Shadow Chancellor Ed Balls got on his feet and immediately attacked Osborne’s “breathtaking complacency” for denying the drop in living standards faced by everyone in the country, with families already £1,600 per year worse off. Osborne laughed. He thought that was funny.

The Shadow Chancellor pointed out that we are enduring the slowest recovery in a century, and that average real wages will have dropped by 5.8 per cent by the end of the Parliament (except for fatcat business bosses).

He was having a hard time getting his points across, however, because Tory MPs were heckling him very loudly.

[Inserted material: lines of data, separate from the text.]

Lemma nearest_points_cross_bound (R : realFieldType) (r Dx Dy W P Q : R) :
  0 < r -> r <= Dx -> r <= Dy -> 0 <= W ->
  2 * P <= W + Dx ^+ 2 - Dy ^+ 2 -> - (2 * Q) <= W + Dy ^+ 2 - Dx ^+ 2 ->
  P / Dx - Q / Dy <= W / r.
Proof.
move=> r0 rDx rDy W0 hP hQ.
have Dx0 : 0 < Dx by exact: lt_le_trans rDx.
have Dy0 : 0 < Dy by exact: lt_le_trans rDy.
have -> : P / Dx - Q / Dy = (Dy * P - Dx * Q) / (Dx * Dy).
  by field; rewrite ?gt_eqF.
rewrite ler_pdivrMr ?mulr_gt0 // mulrAC ler_pdivlMr //.
have hP' : 2 * (r * Dy * P) <= r * Dy * (W + Dx ^+ 2 - Dy ^+ 2).
  by rewrite mulrCA ler_pM2l ?mulr_gt0.
have hQ' : - (2 * (r * Dx * Q)) <= r * Dx * (W + Dy ^+ 2 - Dx ^+ 2).
  by rewrite mulrCA -mulrN ler_pM2l ?mulr_gt0.
have hW : r * (Dx + Dy) * W <= 2 * (Dx * Dy) * W.
  by apply: ler_wpM2r => //; nra.
have hsq : 0 <= r * (Dx + Dy) * (Dx - Dy) ^+ 2.
  by rewrite mulr_ge0 ?sqr_ge0 // mulr_ge0 ?addr_ge0 ?ltW.
nra.
Qed.

Section Euclidean.
Variables (R : realType) (d : nat).
Notation V := 'rV[R]_d.
Local Notation edist := Defs.edist.
Implicit Types u v w x y z : V.

Definition dot (u v : V) : R := \sum_(i < d) u ord0 i * v ord0 i.

Lemma dotC u v : dot u v = dot v u.
Proof. by apply: eq_bigr => i _; rewrite mulrC. Qed.
Lemma dotDl u v w : dot (u + v) w = dot u w + dot v w.
Proof. by rewrite /dot -big_split; apply: eq_bigr => i _; rewrite !mxE mulrDl. Qed.
Lemma dotNl u w : dot (- u) w = - dot u w.
Proof. by rewrite /dot -sumrN; apply: eq_bigr => i _; rewrite !mxE mulNr. Qed.
Lemma dotZl k u w : dot (k *: u) w = k * dot u w.
Proof. by rewrite /dot mulr_sumr; apply: eq_bigr => i _; rewrite !mxE mulrA. Qed.
Lemma dotBl u v w : dot (u - v) w = dot u w - dot v w.
Proof. by rewrite dotDl dotNl. Qed.
Lemma dotDr u v w : dot w (u + v) = dot w u + dot w v.
Proof. by rewrite dotC dotDl !(dotC w). Qed.
Lemma dotNr u w : dot w (- u) = - dot w u.
Proof. by rewrite dotC dotNl dotC. Qed.
Lemma dotBr u v w : dot w (u - v) = dot w u - dot w v.
Proof. by rewrite dotDr dotNr. Qed.
Lemma dotZr k u w : dot w (k *: u) = k * dot w u.
Proof. by rewrite dotC dotZl dotC. Qed.

Lemma dotvvD u v : dot (u + v) (u + v) = dot u u + 2 * dot u v + dot v v.
Proof. by rewrite !(dotDl, dotDr) (dotC v u); ring. Qed.

Lemma dotvvB u v : dot (u - v) (u - v) = dot u u - 2 * dot u v + dot v v.
Proof. by rewrite !(dotBl, dotBr) (dotC v u); ring. Qed.

Lemma dotvv_ge0 u : 0 <= dot u u.
Proof. by apply: sumr_ge0 => i _; rewrite -expr2 sqr_ge0. Qed.

Lemma dotvv_eq0 u : (dot u u == 0) = (u == 0).
Proof.
apply/idP/eqP => [/eqP/psumr_eq0P u0|->]; last by rewrite /dot big1 // => i _; rewrite mxE mul0r.
apply/rowP => i; rewrite mxE; apply/eqP.
by rewrite -sqrf_eq0 expr2 u0 // => j _; rewrite -expr2 sqr_ge0.
Qed.

Lemma enormE u : enorm u = Num.sqrt (dot u u).
Proof. by congr Num.sqrt; apply: eq_bigr => i _; rewrite expr2. Qed.

Lemma enorm_ge0 u : 0 <= enorm u.
Proof. by rewrite enormE sqrtr_ge0. Qed.

Lemma enorm_sqr u : enorm u ^+ 2 = dot u u.
Proof. by rewrite enormE sqr_sqrtr // dotvv_ge0. Qed.

Lemma enormN u : enorm (- u) = enorm u.
Proof. by rewrite !enormE dotNl dotNr opprK. Qed.

Lemma cauchy_schwarz u v : dot u v <= enorm u * enorm v.
Proof.
have [->|u0] := eqVneq u 0; first by rewrite /dot big1 ?mulr_ge0 ?enorm_ge0 // => i _; rewrite mxE mul0r.
have [->|v0] := eqVneq v 0; first by rewrite /dot big1 ?mulr_ge0 ?enorm_ge0 // => i _; rewrite mxE mulr0.
set a := enorm u; set b := enorm v.
have a0 : 0 < a by rewrite /a enormE sqrtr_gt0 lt0r dotvv_eq0 u0 dotvv_ge0.
have b0 : 0 < b by rewrite /b enormE sqrtr_gt0 lt0r dotvv_eq0 v0 dotvv_ge0.
have := dotvv_ge0 (b *: u - a *: v).
rewrite !(dotBl, dotBr, dotZl, dotZr) -!enorm_sqr -/a -/b (dotC v u) => h.
rewrite -(ler_pM2l (mulr_gt0 a0 b0)); nra.
Qed.

Lemma enormD u v : enorm (u + v) <= enorm u + enorm v.
Proof.
rewrite -ler_sqr ?nnegrE ?addr_ge0 ?enorm_ge0 // enorm_sqr.
rewrite !(dotDl, dotDr) (dotC v u) -!enorm_sqr.
have := cauchy_schwarz u v; lra.
Qed.

Lemma edistC x y : edist x y = edist y x.
Proof. by rewrite /edist -enormN opprB. Qed.

Lemma edist_ge0 x y : 0 <= edist x y.
Proof. exact: enorm_ge0. Qed.

Lemma edist_triangle x y z : edist x z <= edist x y + edist y z.
Proof. by rewrite /edist -[x - z](subrKA y) enormD. Qed.

Lemma edistxx x : edist x x = 0.
Proof. by rewrite /edist subrr enormE (eqP (_ : dot 0 0 == 0)) ?sqrtr0 ?dotvv_eq0. Qed.

Lemma enorm_step_toward_nearest w a b (r Dl : R) :
  0 < r -> r <= enorm a -> r <= enorm b -> 0 <= Dl ->
  enorm a <= enorm (w + b) -> enorm b <= enorm (a - w) ->
  (r - Dl) / r * enorm w <= enorm (w + (Dl / enorm b) *: b - (Dl / enorm a) *: a).
Proof.
move=> r0 ra rb Dl0 a_le b_le.
have hP : 2 * dot a w <= dot w w + enorm a ^+ 2 - enorm b ^+ 2.
  have := b_le; rewrite -ler_sqr ?nnegrE ?enorm_ge0 // [enorm (a - w) ^+ 2]enorm_sqr dotvvB.
  rewrite -[dot a a]enorm_sqr; lra.
have hQ : - (2 * dot b w) <= dot w w + enorm b ^+ 2 - enorm a ^+ 2.
  have := a_le; rewrite -ler_sqr ?nnegrE ?enorm_ge0 // [enorm (w + b) ^+ 2]enorm_sqr dotvvD.
  rewrite -[dot b b]enorm_sqr (dotC w b); lra.
have cross := nearest_points_cross_bound r0 ra rb (dotvv_ge0 w) hP hQ.
set u := w + _ - _.
have uw : (r - Dl) / r * dot w w <= dot u w.
  rewrite /u !(dotDl, dotNl, dotZl) mulrBl divff ?gt_eqF //.
  have := ler_wpM2l Dl0 cross; rewrite mulrBr !mulrA; lra.
have [w0|w_gt0] := eqVneq (enorm w) 0; first by rewrite w0 mulr0 enorm_ge0.
have {}w_gt0 : 0 < enorm w by rewrite lt0r w_gt0 enorm_ge0.
rewrite -(ler_pM2r w_gt0).
by have := le_trans uw (cauchy_schwarz u w); rewrite -enorm_sqr expr2 mulrA.
Qed.

Lemma dist_pt_ge0 (H : set V) x : H !=set0 -> 0 <= dist_pt x H.
Proof.
move=> [z Hz]; apply: lb_le_inf; first by exists (edist x z), z.
by move=> _ [y _ <-]; exact: edist_ge0.
Qed.

Lemma dist_pt_le (H : set V) x z : H z -> dist_pt x H <= edist x z.
Proof.
move=> Hz; apply: ge_inf; last by exists z.
by exists 0 => _ [y _ <-]; exact: edist_ge0.
Qed.

Lemma dist_pt_le_eclosure (H : set V) x p : in_eclosure H p -> dist_pt x H <= edist x p.
Proof.
move=> Hp; apply/ler_addgt0Pr => e e0.
have [z Hz pz] := Hp e e0.
apply: le_trans (dist_pt_le x Hz) _.
by apply: le_trans (edist_triangle x p z) _; rewrite lerD2l ltW.
Qed.

Lemma dist_set_le (H A : set V) x : H !=set0 -> A x -> dist_set H A <= dist_pt x H.
Proof.
move=> H0 Ax; apply: ge_inf; last by exists x.
by exists 0 => _ [y _ <-]; exact: dist_pt_ge0.
Qed.

Lemma TmapE (H : set V) pi Dl x : nearest_map H pi ->
  0 < dist_pt x H -> Dl <= dist_pt x H ->
  Tmap H pi Dl x = x + (Dl / dist_pt x H) *: (pi x - x).
Proof.
move=> hpi Dx0 DlDx; have [_ epi] := hpi x.
rewrite /Tmap edistC epi; case: ltP => // DxDl.
have -> : Dl = dist_pt x H by apply/le_anti; rewrite DlDx DxDl.
by rewrite divff ?gt_eqF // scale1r addrC subrK.
Qed.

Definition lower_lipschitz (c : R) (f : V -> V) (A : set V) :=
  forall x y, A x -> A y -> c * edist x y <= edist (f x) (f y).

Lemma Tmap_lower_lipschitz (H A : set V) pi (r Dl : R) :
  H !=set0 -> nearest_map H pi -> 0 < r -> r <= dist_set H A -> 0 <= Dl -> Dl <= r ->
  lower_lipschitz ((r - Dl) / r) (Tmap H pi Dl) A.
Proof.
move=> H0 hpi r0 rA Dl0 Dlr x y Ax Ay.
have rx : r <= dist_pt x H := le_trans rA (dist_set_le H0 Ax).
have ry : r <= dist_pt y H := le_trans rA (dist_set_le H0 Ay).
have [pix ex] := hpi x; have [piy ey] := hpi y.
have ea : enorm (pi x - x) = dist_pt x H by rewrite -ex edistC.
have eb : enorm (pi y - y) = dist_pt y H by rewrite -ey edistC.
have step := @enorm_step_toward_nearest (y - x) (pi x - x) (pi y - y) r Dl.
rewrite ea eb in step.
rewrite !TmapE ?(lt_le_trans r0) ?(le_trans Dlr) // [edist (x + _) _]edistC [edist x y]edistC /edist.
rewrite [y + _ - _](_ : _ = y - x + (Dl / dist_pt y H) *: (pi y - y) - (Dl / dist_pt x H) *: (pi x - x)).
  apply: step => //.
    rewrite addrC addrA subrK -[enorm _]/(edist (pi y) x) edistC.
    exact: dist_pt_le_eclosure.
  rewrite opprB addrA subrK -[enorm _]/(edist (pi x) y) edistC.
  exact: dist_pt_le_eclosure.
by rewrite opprD addrACA addrA.
Qed.

End Euclidean.

Section Hausdorff.
Variables (R : realType) (d : nat).
Notation V := 'rV[R]_d.
Local Notation edist := Defs.edist.
Local Open Scope ereal_scope.

Lemma hterm_ge0 (s : R) (U : set V) : 0 <= hterm s U.
Proof. by rewrite /hterm; case: (ediam U) => [r| |] //; rewrite lee_fin powR_ge0. Qed.

Lemma ediam_fin_ge0 (U : set V) (r : R) : ediam U = r%:E -> (0 <= r)%R.
Proof.
have [[x Ux] eU|U0] := pselect (U !=set0).
  rewrite -lee_fin -eU; apply: ereal_sup_ubound.
  by exists (x, x) => //=; rewrite edistxx.
suff -> : ediam U = -oo by [].
rewrite /ediam (_ : [set _ | p in U `*` U] = set0) ?ereal_sup0 //.
by apply/seteqP; split=> // _ [[p q] [/= Up _] _]; apply: U0; exists p.
Qed.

Owen Jones tweeted, appositely, “Do the Tories think that a bunch of braying MPs dripping with privilege, while ordinary people’s living standards crash, is good TV?”

Maybe they did. Maybe they thought they had the public on their side.

Let’s have a look at a few comments from the public – courtesy of the Huffington Post:

“Planning to kill more people, George?” (Robin Stacey)

“Spend more you wet lipped monkey.” (Will Moriarty)

“No one has an ounce of faith in anything you say, you parasitic pool of curdled warthog’s puke.” (Anthony Nicholas)

And finally: “Hope you end the speech with your resignation x” (Joanne Wood – and yes, she did mean to end with a kiss).

What a shame Osborne did not follow her advice.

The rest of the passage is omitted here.